====== RECORDED DATA ======

Lemma Pr_triple_bounds u v w : u != v -> u != w -> v != w ->
  let Suvw := \sum_z ep u z * ep v z * ep w z in
  let lam := MR wR 2 ^+ 2 / (MR wR 3 * MR wR 1) * wL u in
  [/\ Pr wL wR [pred g : bconfig | [&& proj_edge g u v, proj_edge g u w & proj_edge g v w]]
        <= (1 + k * lam) * Suvw,
      (1 - k) * Suvw
        <= Pr wL wR [pred g : bconfig | [&& proj_edge g u v, proj_edge g u w & proj_edge g v w]],
      (1 + lam) * (1 - 3 * k) * Suvw
        <= Pr wL wR [pred g : bconfig | proj_edge g u v && proj_edge g u w]
    & Pr wL wR [pred g : bconfig | proj_edge g u v && proj_edge g u w] <= (1 + lam) * Suvw].
Proof.
move=> uv uw vw Suvw lam.
have Suvw_le : Suvw <= k.
  apply: le_trans (sum_ep2_small u v); apply: ler_sum => z _.
  by rewrite ler_piMr ?mulr_ge0 ?ep_ge0 //; case/andP: (ep_in01 w z).
have paths := two_paths_vs_triangle u v w; rewrite -/Suvw -/lam in paths.
have /andP [T_ge T_le] := Pr_triangle_bounds uv uw vw Suvw_le (sum_ep2_small v w).
have /andP [W_ge W_le] := Pr_wedge_bounds uv uw vw k_ge0 k_le
  (sum_ep2_small u v) (sum_ep2_small u w) (ep_small u).
rewrite paths -/Suvw in T_le W_ge W_le.
split.
- by rewrite (_ : (1 + k * lam) * Suvw = Suvw + k * (lam * Suvw)) //; ring.
- by rewrite mulrC.
- by rewrite (_ : (1 + lam) * (1 - 3 * k) * Suvw = (lam * Suvw + Suvw) * (1 - 3 * k)) //; ring.
- by rewrite (_ : (1 + lam) * Suvw = lam * Suvw + Suvw) //; ring.
Qed.

(* The clustering coefficient of u is within 16 k of 1 / (1 + lambda_u):
   numerator and denominator of C(u) are both sums over pairs (v, w) of
   quantities comparable to Suvw, by Pr_triple_bounds. *)
Lemma clustering_near (u : 'I_nL) : (3 <= nL)%N ->
  `| clustering wL wR u - 1 / (1 + MR wR 2 ^+ 2 / (MR wR 3 * MR wR 1) * wL u) |
    <= 16 * k.
Proof.
move=> nL_ge3; set lam := MR wR 2 ^+ 2 / (MR wR 3 * MR wR 1) * wL u.
have lam0 : 0 <= lam.
  apply: mulr_ge0; last exact: ltW.
  by apply: divr_ge0; [apply: exprn_ge0 | apply: mulr_ge0]; apply: ltW; apply: MR_pos.
pose Suvw v w := \sum_z ep u z * ep v z * ep w z.
have Suvw_ge0 v w : 0 <= Suvw v w by apply: sumr_ge0 => z _; rewrite !mulr_ge0 ?ep_ge0.
pose pairs (F : 'I_nL -> 'I_nL -> R) :=
  \sum_(v | v != u) \sum_(w | (w != u) && (w != v)) F v w.
have pairs_le F G c : (forall v w, v != u -> w != u -> w != v -> F v w <= c * G v w) ->
    pairs F <= c * pairs G.
  move=> FG; rewrite /pairs mulr_sumr; apply: ler_sum => v vu.
  by rewrite mulr_sumr; apply: ler_sum => w /andP [wu wv]; exact: FG.
have pairs_ge F G c : (forall v w, v != u -> w != u -> w != v -> c * G v w <= F v w) ->
    c * pairs G <= pairs F.
  move=> FG; rewrite /pairs mulr_sumr; apply: ler_sum => v vu.
  by rewrite mulr_sumr; apply: ler_sum => w /andP [wu wv]; exact: FG.
have pairs_gt0 : 0 < pairs Suvw.
  have [v [w /and3P [vu wu wv]]] := exists_two_others u nL_ge3.
  have Suvw_gt0 : 0 < Suvw v w.
    have nR_pos : 0 < nR%:R :> R by rewrite ltr0n.
    rewrite /Suvw sum_ep3_eq; apply: divr_gt0.
      exact: mulr_gt0 (mulr_gt0 (mulr_gt0 (wL_gt0 u) (wL_gt0 v)) (wL_gt0 w)) (MR_pos 3).
    exact: mulr_gt0 (exprn_gt0 2 nR_pos) (exprn_gt0 3 (MR_pos 1)).
  apply: (lt_le_trans Suvw_gt0); rewrite /pairs.
  apply: (le_sum_of_term _ v) => // [v' _|]; first exact: sumr_ge0.
  by apply: (le_sum_of_term _ w) => //; rewrite wu wv.
rewrite /clustering; apply: (ratio_near (S := pairs Suvw)) => //;
  [apply: pairs_ge | apply: pairs_le | apply: pairs_ge | apply: pairs_le];
  move=> v w vu wu wv; have [] := Pr_triple_bounds (u := u) (v := v) (w := w);
  by rewrite 1?eq_sym.
Qed.

End SmallPairs.
End RankOneKernel.
End RandomBipartiteGraph.

Lemma powR_sq_div_small (R : realType) (d th : R) : 0 < d -> 0 < th ->
  exists N : nat, forall n : nat, (N <= n)%N -> (n%:R `^ (1 / 2 - d)) ^+ 2 / n%:R <= th.
Proof.
move=> d0 th0; set e := 2 * d; set y := th^-1 `^ e^-1.
have e0 : 0 < e by rewrite /e; lra.
exists (Num.truncn y).+1 => n n_ge.
have n0 : 0 < n%:R :> R by rewrite ltr0n; apply: leq_trans n_ge.
have -> : (n%:R `^ (1 / 2 - d)) ^+ 2 / n%:R = (n%:R `^ e)^-1.
  rewrite -powR_mulrn ?powR_ge0 // -powRrM -{2}(powRr1 (ltW n0)) -powRB; last first.
    by apply/implyP => _; rewrite gt_eqF.
  by rewrite (_ : (1 / 2 - d) * 2 - 1 = - e) ?powRN //; rewrite /e; field.
(* n >= y = th^-1 `^ e^-1 hence n `^ e >= th^-1 *)
have y_le : y <= n%:R.
  by apply: ltW; apply: lt_le_trans (truncnS_gt y) _; rewrite ler_nat.
have inv_th_le : th^-1 <= n%:R `^ e.
  have <- : y `^ e = th^-1 by rewrite /y -powRrM mulVf ?gt_eqF // powRr1 // ltW ?invr_gt0.
  by apply: ge0_ler_powR => //; rewrite ?nnegrE ?powR_ge0 // ltW.
have ne0 : 0 < n%:R `^ e by apply: powR_gt0.
rewrite -div1r ler_pdivrMr //.
have : th * th^-1 = 1 by rewrite mulfV // gt_eqF.
have : th * th^-1 <= th * n%:R `^ e by apply: ler_wpM2l => //; exact: ltW.
lra.
Qed.

Lemma clustering_bound (R : realType) nL nR (wL : 'I_nL -> R) (wR : 'I_nR -> R)
    (u : 'I_nL) (c cM P k : R) :
  (3 <= nL)%N -> (0 < nR)%N -> (forall i, 0 < wL i) -> (forall j, 0 < wR j) ->
  (forall i j, wL i * wR j / (nR%:R * MR wR 1) <= 1) ->
  0 <= k -> k <= 1 / 4 ->
  (forall i, wL i <= c * P) -> MR wR 2 <= cM * MR wR 1 ^+ 2 ->
  P ^+ 2 / nR%:R <= k ^+ 2 / (c ^+ 2 * `|cM| + 1) ->
  `| clustering wL wR u - 1 / (1 + MR wR 2 ^+ 2 / (MR wR 3 * MR wR 1) * wL u) |
    <= 16 * k.
Proof.
move=> nL_ge3 nR_gt0 wL_gt0 wR_gt0 no_clamp k0 k4 wL_le M2_le small.
apply: (clustering_near wL_gt0 wR_gt0 nR_gt0 no_clamp k0 k4) => // x y.
have n0 : 0 < nR%:R :> R by rewrite ltr0n.
have M1 : 0 < MR wR 1 := MR_gt0 wR_gt0 nR_gt0 1.
have D0 : 0 < nR%:R * MR wR 1 ^+ 2 by rewrite mulr_gt0 ?exprn_gt0.
have ww_le : wL x * wL y <= (c * P) ^+ 2.
  by rewrite expr2; apply: ler_pM; rewrite ?(ltW (wL_gt0 _)) ?wL_le.
have M_le : MR wR 2 / (nR%:R * MR wR 1 ^+ 2) <= `|cM| / nR%:R.
  rewrite ler_pdivrMr // (_ : `|cM| / nR%:R * _ = `|cM| * MR wR 1 ^+ 2); last first.
    by field; rewrite gt_eqF.
  by apply: le_trans M2_le _; rewrite ler_wpM2r ?exprn_ge0 ?(ltW M1) ?ler_norm.
have cM_ge0 : 0 <= c ^+ 2 * `|cM| by rewrite mulr_ge0 ?sqr_ge0.
have C_gt0 : 0 < c ^+ 2 * `|cM| + 1 by lra.
(* w_x w_y M_R2 / (n_R M_R1^2) <= c^2 |cM| P^2 / n_R <= k^2 *)
have PP0 : 0 <= P ^+ 2 / nR%:R by rewrite divr_ge0 ?sqr_ge0 ?(ltW n0).
have C_small := ler_wpM2l (ltW C_gt0) small.
rewrite [_ * (k ^+ 2 / _)]mulrC divfK ?gt_eqF // in C_small.
apply: le_trans (le_trans (ler_wpM2r PP0 (_ : c ^+ 2 * `|cM| <= _ + 1)) C_small);
  last by rewrite lerDl.
rewrite -mulrA.
have -> : c ^+ 2 * `|cM| * (P ^+ 2 / nR%:R) = (c * P) ^+ 2 * (`|cM| / nR%:R).
  by rewrite exprMn; field; rewrite gt_eqF.
apply: ler_pM => //; first by rewrite mulr_ge0 ?(ltW (wL_gt0 _)).
by rewrite divr_ge0 ?(ltW (MR_gt0 _ _ _)) ?(ltW D0).
Qed.

(* Only delta > 0,
   the upper bounds on the weights and M_R2 = O(M_R1^2) are needed: they make
   w_x w_y M_R2 / (n_R M_R1^2) = O(n_R^(-2 delta)) small, which is the
   hypothesis of clustering_bound. *)
Unset Implicit Arguments.
Theorem mainTheorem10 (R : realType) (nL nR : nat -> nat)
  (wL : forall k, 'I_(nL k) -> R) (wR : forall k, 'I_(nR k) -> R)
  (delta : R) :
  (* n_L, n_R -> oo *)
  (forall m : nat, exists N : nat, forall k, (N <= k)%N -> (m <= nL k)%N /\ (m <= nR k)%N) ->
  (* positive weights *)
  (forall k i, 0 < wL k i) -> (forall k j, 0 < wR k j) ->
  (* Assumption 1 *)
  (forall k i j, wL k i * wR k j / ((nR k)%:R * MR (wR k) 1) <= 1) ->
  (* Assumption 2 with delta > 1/10 *)
  1 / 10 < delta ->
  (exists c : R, exists N : nat, forall k, (N <= k)%N ->
     (forall i, wL k i <= c * ((nR k)%:R `^ (1 / 2 - delta))) /\
     (forall j, wR k j <= c * ((nR k)%:R `^ (1 / 2 - delta)))) ->
  (exists c : R, 0 < c /\ exists N : nat, forall k, (N <= k)%N ->
     forall i, c <= wL k i) ->
  (exists c : R, exists N : nat, forall k, (N <= k)%N ->
     MR (wR k) 2 <= c * (MR (wR k) 1) ^+ 2) ->
  (exists c : R, exists N : nat, forall k, (N <= k)%N ->
     MR (wR k) 4 <= c * ((nR k)%:R `^ (1 - 2 * delta))) ->
  (* conclusion: for any choice of node u (u k in L of instance k) *)
  forall u : forall k, 'I_(nL k),
  forall eps : R, 0 < eps -> exists N : nat, forall k, (N <= k)%N ->
    `| clustering (wL k) (wR k) (u k)
       - 1 / (1 + (MR (wR k) 2) ^+ 2 / (MR (wR k) 3 * MR (wR k) 1) * wL k (u k)) |
    < eps.
Proof.
move=> n_unbounded wL_gt0 wR_gt0 no_clamp delta_gt [c [N1 w_le]] _ [cM [N2 M2_le]] _
  u eps eps_gt0.
pose kap := Num.min (1 / 4) (eps / 32).
have kap_gt0 : 0 < kap by rewrite lt_min; apply/andP; split; lra.
have kap_le : kap <= 1 / 4 by rewrite ge_min lexx.
have kap_eps : 16 * kap < eps.
  have : kap <= eps / 32 by rewrite ge_min lexx orbT.
  lra.
pose C := c ^+ 2 * `|cM| + 1.
have C_gt0 : 0 < C by rewrite /C; have := mulr_ge0 (sqr_ge0 c) (normr_ge0 cM); lra.
have delta_gt0 : 0 < delta by lra.
have [N3 decay] := powR_sq_div_small delta_gt0 (divr_gt0 (exprn_gt0 2 kap_gt0) C_gt0).
have [N4 large] := n_unbounded (3 + N3)%N.
exists (N1 + N2 + N4)%N => k k_ge; apply: le_lt_trans kap_eps.
have [nL_ge nR_ge] := large k (leq_trans (leq_addl _ _) k_ge).
have [wL_le _] := w_le k (leq_trans (leq_trans (leq_addr _ _) (leq_addr _ _)) k_ge).
apply: (@clustering_bound R _ _ (wL k) (wR k) (u k) c cM _ kap _ _ (wL_gt0 k) (wR_gt0 k)
  (no_clamp k) (ltW kap_gt0) kap_le wL_le).
- lia.
- lia.
- by apply: M2_le; lia.
- by apply: decay; lia.
Qed.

======

Look at the material above and copy, word for word, its lines from the first through the one containing "<= Pr wL wR [pred g : bconfig | proj_edge".

Lemma Pr_triple_bounds u v w : u != v -> u != w -> v != w ->
  let Suvw := \sum_z ep u z * ep v z * ep w z in
  let lam := MR wR 2 ^+ 2 / (MR wR 3 * MR wR 1) * wL u in
  [/\ Pr wL wR [pred g : bconfig | [&& proj_edge g u v, proj_edge g u w & proj_edge g v w]]
        <= (1 + k * lam) * Suvw,
      (1 - k) * Suvw
        <= Pr wL wR [pred g : bconfig | [&& proj_edge g u v, proj_edge g u w & proj_edge g v w]],
      (1 + lam) * (1 - 3 * k) * Suvw
        <= Pr wL wR [pred g : bconfig | proj_edge g u v && proj_edge g u w]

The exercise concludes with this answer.